By using the “=>” we specify that we will take the value from the Login and move it to the errorMsg.Text property. But if we use a correct Presentation Model we would not use this “expression”, instead have a property in the Presentation Model which we bind to the TextBlock and set the property internally in within the Login method and then use the NofityPropertyChanged to update the TextBlock value:


<TextBloc x:Name="errorMsg" Text=”{Binding ErrorMsg}”/>

<! -- .... --->

<Button e:Attach.Click="Login" Content="Login"/>
public string Login(string userName, string password)
{
    //Do some validation
    if (faild)
        this.ErrorMsg = "The user name or password is not correct..";

    //..
}


The Framework also support Asynchronous calls. We can mark a method with the AsynCall attribute and make sure it will be executed in a background worker thread:

[AsynCall]
public void Login(string userName, string password)
{
    //Do some validation
}


We can also specify a callback method which will be executed in the UI thread:

[AsynCall(CallBack="Login_Completed")]
public string Login(string userName, string password)
{
    //Do some validation
    return "someting";
}

public string Login_Completed(string result)
{
    return result + "and something more";
}


The AsyncCallAttribute is an ActionFilter, so we can create our own ActionFilters, which has at the moment three methods we can use, OnPreAction, OnPostAction and UnhandledException. the ActonFilters are similar to how ActionFilters works within the ASP.NET MVC. Here is an example of a TestActionFitlerAttribute:

 

public class TestActionFilterAttribute : ActionFilterAttribute
{
      public override void OnPreAction(PreActionFilterArgs actionFilterContext)
      {
          if (actionFilterContext.ActionMethodArguments != null && actionFilterContext.ActionMethodArguments.Length > 0)
          {
              var c = actionFilterContext.ActionMethodArguments[0] as Customer;

              c.FirstName = "Fredrik";
          }

          var p = actionFilterContext.PresentationModel as CustomerPresentationModel;
          p.Customer.FirstName = "Lovisa";
      }


      public override void OnPostAction(PostActionFilterArgs actionFilterContext)
      {
          actionFilterContext.ActionMethodReturnValue += "test";
      }


      public override void OnUnhandledException(UnhandledExceptionActionFilterArgs unhandledExceptionActionFilterArgs)
      {
          var c = unhandledExceptionActionFilterArgs.PresentationModel as CustomerPresentationModel;
          c.ErrorMsg = unhandledExceptionActionFilterArgs.Exception.Message;

          unhandledExceptionActionFilterArgs.Handled = true;
      }
}


The Action Filter above will manipulate the Action methods arguments before the action method is executed. The filter will also manipulate the return value of a Action filter (if the Action method will return a value). We can also manipulate the Presentation Model’s stage within the Action Filter, the Action Filters will be executed within the UI thread.

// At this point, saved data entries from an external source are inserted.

Definition is_tangle (E : {set T}) (r : {set T} -> nat) (theta : nat)
  (Tg : {set {set T}}) : Prop :=
  [/\ (forall X : {set T}, X \in Tg -> X \subset E),
      (forall X : {set T}, X \in Tg -> conn E r X < theta),
      (forall X : {set T}, X \subset E -> conn E r X < theta -> X \in Tg \/ (E :\: X) \in Tg),
      (forall X Y Z : {set T}, X \in Tg -> Y \in Tg -> Z \in Tg -> X :|: Y :|: Z <> E) &
      (forall e : T, e \in E -> (E :\ e) \notin Tg)].

Definition tangle_rank (E : {set T}) (r : {set T} -> nat) (theta : nat)
  (Tg : {set {set T}}) (X : {set T}) : nat :=
  if [exists Y in Tg, X \subset Y]
  then \big[minn/theta]_(Y in Tg | X \subset Y) conn E r Y
  else theta.

Definition mat_closed (E : {set T}) (rk : {set T} -> nat) (X : {set T}) : Prop :=
  forall f : T, f \in E -> f \notin X -> rk X < rk (f |: X).

Definition long_line (E : {set T}) (rk : {set T} -> nat) (X : {set T}) : Prop :=
  [/\ X \subset E, mat_closed E rk X, rk X = 2 & 3 <= #|X|].

(* rank function of M \ e (del = true) or M / e (del = false);
   the ground set of either minor is E :\ e *)
Definition minor_rank (r : {set T} -> nat) (e : T) (del : bool) :
  {set T} -> nat :=
  fun X => if del then r X else r (e |: X) - r [set e].

Definition inherited_tangle (E : {set T}) (r : {set T} -> nat) (e : T)
  (del : bool) (theta : nat) (Tg : {set {set T}}) : {set {set T}} :=
  [set X :\ e | X in Tg & conn (E :\ e) (minor_rank r e del) (X :\ e) < theta - 1].

End Matroids.

From mathcomp Require Import all_boot zify.
Set Implicit Arguments. Unset Strict Implicit. Unset Printing Implicit Defensive.

(* Since r_T(X) = 2, X lies in a tangle member Z with lambda(Z) = 2, and since
   r_T(X u X') = 4, submodularity gives lambda(Y n Z) + 2 <= lambda(Y) for every
   tangle member Y containing X'; with 3-connectivity this makes such Y of
   connectivity at most 3 meet Z in at most one element.  If some f were in the
   closure of X' in M'(T'), there would be a tangle member Y with
   f u X' <= A = Y - e and lambda'(A) <= 2.  As X' is closed in M(T),
   lambda(A) >= 3, so removing e lowers the connectivity of A; then e u A is a
   tangle member of connectivity <= 3 containing X', so A misses Z.  But removing
   e cannot lower lambda(A) without also lowering lambda(Z) for the set Z, which
   contains e and misses A; this contradicts the 3-connectivity of M' at Z - e. *)

(* Decides set identities and inclusions pointwise: every inclusion hypothesis is
   instantiated at a generic point, then all memberships are split on. *)
Ltac set_solve :=
  let x := fresh "x" in
  first [ by []
        | (apply/setP => x || apply/subsetP => x);
          repeat match goal with
          | H : is_true (?A \subset ?B) |- _ =>
              lazymatch goal with
              | |- context [(x \in A) ==> (x \in B)] => fail
              | _ => move/subsetP: (H) => /(_ x) /implyP
              end
          end;
          rewrite ?inE;
          repeat match goal with |- context [?a == ?b] => case: (eqVneq a b) => [->|_] end;
          repeat match goal with
          | H : is_true (?a \in ?A) |- context [?a \in ?A] => rewrite H
          | H : is_true (~~ (?a \in ?A)) |- context [?a \in ?A] => rewrite (negbTE H)
          end;
          repeat case: (_ \in _); by move=> /= * ].

Section Matroid.
Variables (T : finType) (E : {set T}) (r : {set T} -> nat).
Hypothesis hM : is_matroid E r.
Implicit Types (X Y U I A B S Z : {set T}).

Lemma rank_card X : X \subset E -> r X <= #|X|.
Proof. by case: hM => H _ _; apply: H. Qed.

Lemma rank_mono X Y : X \subset Y -> Y \subset E -> r X <= r Y.
Proof. by case: hM => _ H _; apply: H. Qed.

Lemma rank_submod X Y : X \subset E -> Y \subset E ->
  r (X :|: Y) + r (X :&: Y) <= r X + r Y.
Proof. by case: hM => _ _ H; apply: H. Qed.

Lemma rank_submod_eq X Y U I : X \subset E -> Y \subset E ->
  X :|: Y = U -> X :&: Y = I -> r U + r I <= r X + r Y.
Proof. by move=> hX hY <- <-; apply: rank_submod. Qed.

The source code is more or less completed, need to do some more refactoring and also run some more tests, but all the basics will work. If you want a framework like this you can take a look at Prism v 2.0 from Microsoft Patterns & Practices, Caliburn or Nikhil’s Silverlight.FX, my framework is nothing I will support and only created it for fun. If you want the source code, please drop me an e-mail (fnormen [ at ] hotmail.com because I have no place to upload the source code at the moment. Remember the source code is not yet completed, I will add more support for more events and also make sure others can easy add events to attach to etc.